▶ _PROMPT_:
Each line from the beginning of the data below through the line containing "apply sum_eq. intros k1 _. unfold" should be repeated exactly, please.

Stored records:

=== Begin Enclosure ===

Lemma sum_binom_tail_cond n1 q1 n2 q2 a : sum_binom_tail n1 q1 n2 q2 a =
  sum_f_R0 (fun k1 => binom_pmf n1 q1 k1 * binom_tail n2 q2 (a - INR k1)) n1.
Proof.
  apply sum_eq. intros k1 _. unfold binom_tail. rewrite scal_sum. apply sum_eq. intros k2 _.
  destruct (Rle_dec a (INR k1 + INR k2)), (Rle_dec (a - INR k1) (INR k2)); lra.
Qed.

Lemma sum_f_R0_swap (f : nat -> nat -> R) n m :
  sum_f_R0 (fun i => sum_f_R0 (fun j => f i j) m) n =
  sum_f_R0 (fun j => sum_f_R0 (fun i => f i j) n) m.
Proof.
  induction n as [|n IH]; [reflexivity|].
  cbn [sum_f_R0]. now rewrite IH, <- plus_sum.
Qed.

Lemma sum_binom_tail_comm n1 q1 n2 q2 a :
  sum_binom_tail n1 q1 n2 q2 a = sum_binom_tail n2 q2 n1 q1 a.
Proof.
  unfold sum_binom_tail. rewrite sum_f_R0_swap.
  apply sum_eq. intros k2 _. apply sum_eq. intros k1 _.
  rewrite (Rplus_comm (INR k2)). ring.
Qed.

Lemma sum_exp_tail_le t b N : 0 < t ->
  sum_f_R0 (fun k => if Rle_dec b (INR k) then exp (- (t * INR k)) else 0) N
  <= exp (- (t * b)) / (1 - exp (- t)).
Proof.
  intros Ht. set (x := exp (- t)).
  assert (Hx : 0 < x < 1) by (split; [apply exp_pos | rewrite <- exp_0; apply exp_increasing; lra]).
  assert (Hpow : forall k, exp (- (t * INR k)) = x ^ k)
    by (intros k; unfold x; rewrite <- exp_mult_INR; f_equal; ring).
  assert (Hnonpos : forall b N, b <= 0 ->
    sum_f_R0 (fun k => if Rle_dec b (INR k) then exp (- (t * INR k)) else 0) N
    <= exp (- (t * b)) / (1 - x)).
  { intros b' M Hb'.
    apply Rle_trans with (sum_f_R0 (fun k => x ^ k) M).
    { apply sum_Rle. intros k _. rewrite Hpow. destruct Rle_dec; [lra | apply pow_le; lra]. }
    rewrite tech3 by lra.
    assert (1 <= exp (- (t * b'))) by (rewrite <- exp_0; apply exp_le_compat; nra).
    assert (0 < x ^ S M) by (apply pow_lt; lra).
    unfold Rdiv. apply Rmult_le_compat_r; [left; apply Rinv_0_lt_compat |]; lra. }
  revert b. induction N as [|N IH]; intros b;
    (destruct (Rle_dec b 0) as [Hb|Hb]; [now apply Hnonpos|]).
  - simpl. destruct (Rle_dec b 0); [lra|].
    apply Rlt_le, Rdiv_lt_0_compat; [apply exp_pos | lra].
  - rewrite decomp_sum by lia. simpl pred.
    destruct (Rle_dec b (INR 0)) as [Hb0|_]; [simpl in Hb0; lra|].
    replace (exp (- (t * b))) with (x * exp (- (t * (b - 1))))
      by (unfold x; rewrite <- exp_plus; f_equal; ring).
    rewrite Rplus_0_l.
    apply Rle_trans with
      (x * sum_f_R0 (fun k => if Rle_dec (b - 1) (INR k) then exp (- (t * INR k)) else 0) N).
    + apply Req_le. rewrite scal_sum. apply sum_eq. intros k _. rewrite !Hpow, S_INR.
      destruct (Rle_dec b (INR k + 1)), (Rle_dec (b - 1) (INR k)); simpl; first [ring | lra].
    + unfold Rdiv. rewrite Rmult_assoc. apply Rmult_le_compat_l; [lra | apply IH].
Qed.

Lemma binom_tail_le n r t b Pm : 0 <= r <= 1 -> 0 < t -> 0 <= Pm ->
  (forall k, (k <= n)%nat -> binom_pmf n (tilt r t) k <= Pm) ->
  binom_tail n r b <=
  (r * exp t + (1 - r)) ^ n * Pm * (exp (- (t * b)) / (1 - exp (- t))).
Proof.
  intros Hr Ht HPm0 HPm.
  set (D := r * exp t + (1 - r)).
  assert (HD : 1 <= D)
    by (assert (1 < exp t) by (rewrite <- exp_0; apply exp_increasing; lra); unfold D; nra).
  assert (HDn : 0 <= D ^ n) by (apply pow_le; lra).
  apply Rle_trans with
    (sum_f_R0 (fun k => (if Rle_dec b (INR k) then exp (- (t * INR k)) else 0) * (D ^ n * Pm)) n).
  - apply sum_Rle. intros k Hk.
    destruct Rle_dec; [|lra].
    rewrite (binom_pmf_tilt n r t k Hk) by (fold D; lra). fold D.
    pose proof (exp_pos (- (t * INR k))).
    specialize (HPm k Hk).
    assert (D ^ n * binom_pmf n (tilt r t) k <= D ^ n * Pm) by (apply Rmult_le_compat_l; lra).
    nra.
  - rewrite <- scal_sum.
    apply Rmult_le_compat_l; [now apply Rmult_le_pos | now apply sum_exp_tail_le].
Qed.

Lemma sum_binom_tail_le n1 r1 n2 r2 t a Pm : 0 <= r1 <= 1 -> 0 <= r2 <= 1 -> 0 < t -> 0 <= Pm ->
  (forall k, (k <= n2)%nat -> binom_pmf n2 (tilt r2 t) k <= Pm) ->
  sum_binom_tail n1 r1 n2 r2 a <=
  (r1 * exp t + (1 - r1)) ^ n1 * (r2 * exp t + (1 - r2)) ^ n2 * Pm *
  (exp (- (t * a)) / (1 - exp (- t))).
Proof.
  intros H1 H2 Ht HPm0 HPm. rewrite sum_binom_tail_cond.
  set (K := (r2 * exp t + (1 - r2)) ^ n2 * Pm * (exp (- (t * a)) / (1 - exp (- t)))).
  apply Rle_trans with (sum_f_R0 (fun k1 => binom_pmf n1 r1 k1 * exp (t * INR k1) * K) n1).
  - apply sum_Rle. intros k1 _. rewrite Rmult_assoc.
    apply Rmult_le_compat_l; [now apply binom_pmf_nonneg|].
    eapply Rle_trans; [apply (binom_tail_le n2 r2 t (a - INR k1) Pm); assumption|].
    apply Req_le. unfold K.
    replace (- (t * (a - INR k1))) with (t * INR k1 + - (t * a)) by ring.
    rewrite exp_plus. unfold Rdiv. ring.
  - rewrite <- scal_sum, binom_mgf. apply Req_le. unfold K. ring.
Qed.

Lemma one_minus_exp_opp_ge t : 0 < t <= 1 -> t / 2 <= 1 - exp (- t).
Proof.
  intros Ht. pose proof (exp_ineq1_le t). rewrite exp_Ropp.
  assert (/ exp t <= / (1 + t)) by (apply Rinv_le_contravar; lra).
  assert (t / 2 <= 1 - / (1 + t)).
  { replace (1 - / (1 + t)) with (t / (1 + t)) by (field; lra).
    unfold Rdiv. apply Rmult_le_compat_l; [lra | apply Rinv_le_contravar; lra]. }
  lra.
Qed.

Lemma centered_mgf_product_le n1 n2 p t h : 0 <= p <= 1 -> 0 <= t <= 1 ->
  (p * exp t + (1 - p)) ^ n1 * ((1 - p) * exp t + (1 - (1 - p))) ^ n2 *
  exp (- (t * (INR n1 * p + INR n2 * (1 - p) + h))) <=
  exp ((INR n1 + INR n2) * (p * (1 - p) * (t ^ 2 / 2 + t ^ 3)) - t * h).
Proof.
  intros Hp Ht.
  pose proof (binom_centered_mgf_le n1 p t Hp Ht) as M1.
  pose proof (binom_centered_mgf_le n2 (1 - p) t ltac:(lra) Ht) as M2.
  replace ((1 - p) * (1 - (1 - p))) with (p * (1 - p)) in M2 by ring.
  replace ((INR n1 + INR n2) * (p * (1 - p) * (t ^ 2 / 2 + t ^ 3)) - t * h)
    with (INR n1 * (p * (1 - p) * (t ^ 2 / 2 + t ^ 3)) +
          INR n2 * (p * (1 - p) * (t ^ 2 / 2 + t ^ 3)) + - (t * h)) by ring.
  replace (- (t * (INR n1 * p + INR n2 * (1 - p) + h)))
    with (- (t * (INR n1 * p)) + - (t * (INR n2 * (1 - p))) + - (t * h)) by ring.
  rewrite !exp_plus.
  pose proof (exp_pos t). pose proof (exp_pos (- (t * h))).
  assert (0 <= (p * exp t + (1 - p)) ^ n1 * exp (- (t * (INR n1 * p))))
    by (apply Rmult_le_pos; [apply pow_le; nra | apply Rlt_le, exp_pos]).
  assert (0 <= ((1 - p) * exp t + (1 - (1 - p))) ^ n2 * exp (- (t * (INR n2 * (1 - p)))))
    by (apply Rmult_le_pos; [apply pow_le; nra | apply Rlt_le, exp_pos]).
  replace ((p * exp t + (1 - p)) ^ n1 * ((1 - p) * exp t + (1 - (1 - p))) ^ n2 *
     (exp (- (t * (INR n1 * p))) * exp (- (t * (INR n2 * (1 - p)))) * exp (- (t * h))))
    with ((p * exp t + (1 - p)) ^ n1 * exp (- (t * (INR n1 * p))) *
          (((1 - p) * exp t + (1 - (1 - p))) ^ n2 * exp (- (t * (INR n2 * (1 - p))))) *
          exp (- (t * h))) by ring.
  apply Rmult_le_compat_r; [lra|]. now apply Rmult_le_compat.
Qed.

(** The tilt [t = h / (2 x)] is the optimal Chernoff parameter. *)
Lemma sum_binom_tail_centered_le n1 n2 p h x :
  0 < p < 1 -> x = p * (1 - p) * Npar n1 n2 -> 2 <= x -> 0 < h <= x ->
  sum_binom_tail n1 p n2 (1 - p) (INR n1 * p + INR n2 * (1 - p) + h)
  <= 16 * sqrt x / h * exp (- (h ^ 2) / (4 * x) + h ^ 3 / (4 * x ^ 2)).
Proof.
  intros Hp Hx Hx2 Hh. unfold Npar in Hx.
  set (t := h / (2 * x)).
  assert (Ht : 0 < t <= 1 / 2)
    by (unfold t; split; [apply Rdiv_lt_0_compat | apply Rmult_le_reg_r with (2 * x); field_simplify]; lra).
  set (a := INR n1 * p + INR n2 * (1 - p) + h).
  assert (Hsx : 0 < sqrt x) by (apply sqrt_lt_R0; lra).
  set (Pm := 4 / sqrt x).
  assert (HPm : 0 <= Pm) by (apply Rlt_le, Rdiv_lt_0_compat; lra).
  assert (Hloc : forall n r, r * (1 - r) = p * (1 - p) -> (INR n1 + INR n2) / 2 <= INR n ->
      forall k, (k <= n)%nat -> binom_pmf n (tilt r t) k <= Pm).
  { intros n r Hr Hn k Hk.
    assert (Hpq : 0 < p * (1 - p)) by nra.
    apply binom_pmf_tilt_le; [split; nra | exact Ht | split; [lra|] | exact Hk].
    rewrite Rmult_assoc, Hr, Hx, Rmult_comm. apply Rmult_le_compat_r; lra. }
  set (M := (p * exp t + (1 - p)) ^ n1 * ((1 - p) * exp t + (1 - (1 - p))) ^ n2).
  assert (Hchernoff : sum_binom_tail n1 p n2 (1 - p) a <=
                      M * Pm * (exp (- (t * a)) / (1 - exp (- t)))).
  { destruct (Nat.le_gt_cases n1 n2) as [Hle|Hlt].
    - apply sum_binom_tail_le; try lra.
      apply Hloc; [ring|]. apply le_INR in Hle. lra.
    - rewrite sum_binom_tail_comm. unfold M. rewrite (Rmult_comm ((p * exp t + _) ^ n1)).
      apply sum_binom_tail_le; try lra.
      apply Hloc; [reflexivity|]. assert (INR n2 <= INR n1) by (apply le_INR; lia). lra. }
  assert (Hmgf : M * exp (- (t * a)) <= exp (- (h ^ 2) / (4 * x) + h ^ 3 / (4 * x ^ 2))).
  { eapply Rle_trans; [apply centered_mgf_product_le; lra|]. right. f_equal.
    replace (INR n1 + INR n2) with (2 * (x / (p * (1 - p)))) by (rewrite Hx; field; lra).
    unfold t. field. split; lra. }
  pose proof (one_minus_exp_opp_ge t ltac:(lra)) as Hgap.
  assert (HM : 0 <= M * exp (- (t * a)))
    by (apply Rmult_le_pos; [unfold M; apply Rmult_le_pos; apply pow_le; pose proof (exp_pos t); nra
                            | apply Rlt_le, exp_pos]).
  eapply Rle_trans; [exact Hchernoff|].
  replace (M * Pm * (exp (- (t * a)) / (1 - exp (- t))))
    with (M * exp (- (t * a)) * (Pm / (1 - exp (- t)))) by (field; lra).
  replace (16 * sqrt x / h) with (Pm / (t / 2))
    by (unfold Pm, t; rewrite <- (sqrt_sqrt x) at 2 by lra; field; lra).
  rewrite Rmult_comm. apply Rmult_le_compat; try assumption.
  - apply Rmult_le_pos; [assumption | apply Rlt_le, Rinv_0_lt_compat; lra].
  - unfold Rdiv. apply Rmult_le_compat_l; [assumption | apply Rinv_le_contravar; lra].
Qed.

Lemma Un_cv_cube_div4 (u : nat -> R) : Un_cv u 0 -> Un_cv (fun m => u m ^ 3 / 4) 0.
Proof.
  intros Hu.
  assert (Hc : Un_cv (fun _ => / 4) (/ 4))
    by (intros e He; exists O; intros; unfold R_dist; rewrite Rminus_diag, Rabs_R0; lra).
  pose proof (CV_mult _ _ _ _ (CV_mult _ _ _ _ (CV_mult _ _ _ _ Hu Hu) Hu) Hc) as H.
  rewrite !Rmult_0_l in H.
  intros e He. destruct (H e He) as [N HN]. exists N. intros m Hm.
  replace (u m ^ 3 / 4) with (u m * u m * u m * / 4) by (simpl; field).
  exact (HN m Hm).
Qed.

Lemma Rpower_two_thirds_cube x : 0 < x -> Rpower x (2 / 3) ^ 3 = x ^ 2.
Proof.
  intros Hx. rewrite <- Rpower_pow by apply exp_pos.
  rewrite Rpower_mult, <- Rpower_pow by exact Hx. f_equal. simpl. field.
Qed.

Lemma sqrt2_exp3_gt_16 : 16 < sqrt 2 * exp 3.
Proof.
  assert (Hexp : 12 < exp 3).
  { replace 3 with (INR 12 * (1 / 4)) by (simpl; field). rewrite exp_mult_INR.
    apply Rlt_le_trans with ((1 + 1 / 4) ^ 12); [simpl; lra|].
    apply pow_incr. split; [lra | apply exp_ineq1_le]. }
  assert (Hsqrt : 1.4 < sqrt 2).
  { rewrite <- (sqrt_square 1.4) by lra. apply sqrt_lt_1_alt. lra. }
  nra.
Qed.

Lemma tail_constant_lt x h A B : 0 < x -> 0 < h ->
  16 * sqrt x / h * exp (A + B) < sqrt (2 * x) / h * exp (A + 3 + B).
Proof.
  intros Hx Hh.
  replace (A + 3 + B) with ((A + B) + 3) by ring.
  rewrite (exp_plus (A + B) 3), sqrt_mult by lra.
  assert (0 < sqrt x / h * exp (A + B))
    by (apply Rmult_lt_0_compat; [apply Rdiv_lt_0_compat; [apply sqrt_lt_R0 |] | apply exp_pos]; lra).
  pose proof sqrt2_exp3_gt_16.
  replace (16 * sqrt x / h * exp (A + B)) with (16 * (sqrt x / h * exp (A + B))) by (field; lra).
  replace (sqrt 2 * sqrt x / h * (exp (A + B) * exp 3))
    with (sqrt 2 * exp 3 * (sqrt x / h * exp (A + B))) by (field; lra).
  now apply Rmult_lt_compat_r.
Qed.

=== End Enclosure ===

▶ _SOLVED PROBLEM_:
Lemma sum_binom_tail_cond n1 q1 n2 q2 a : sum_binom_tail n1 q1 n2 q2 a =
  sum_f_R0 (fun k1 => binom_pmf n1 q1 k1 * binom_tail n2 q2 (a - INR k1)) n1.
Proof.
  apply sum_eq. intros k1 _. unfold binom_tail. rewrite scal_sum. apply sum_eq. intros k2 _.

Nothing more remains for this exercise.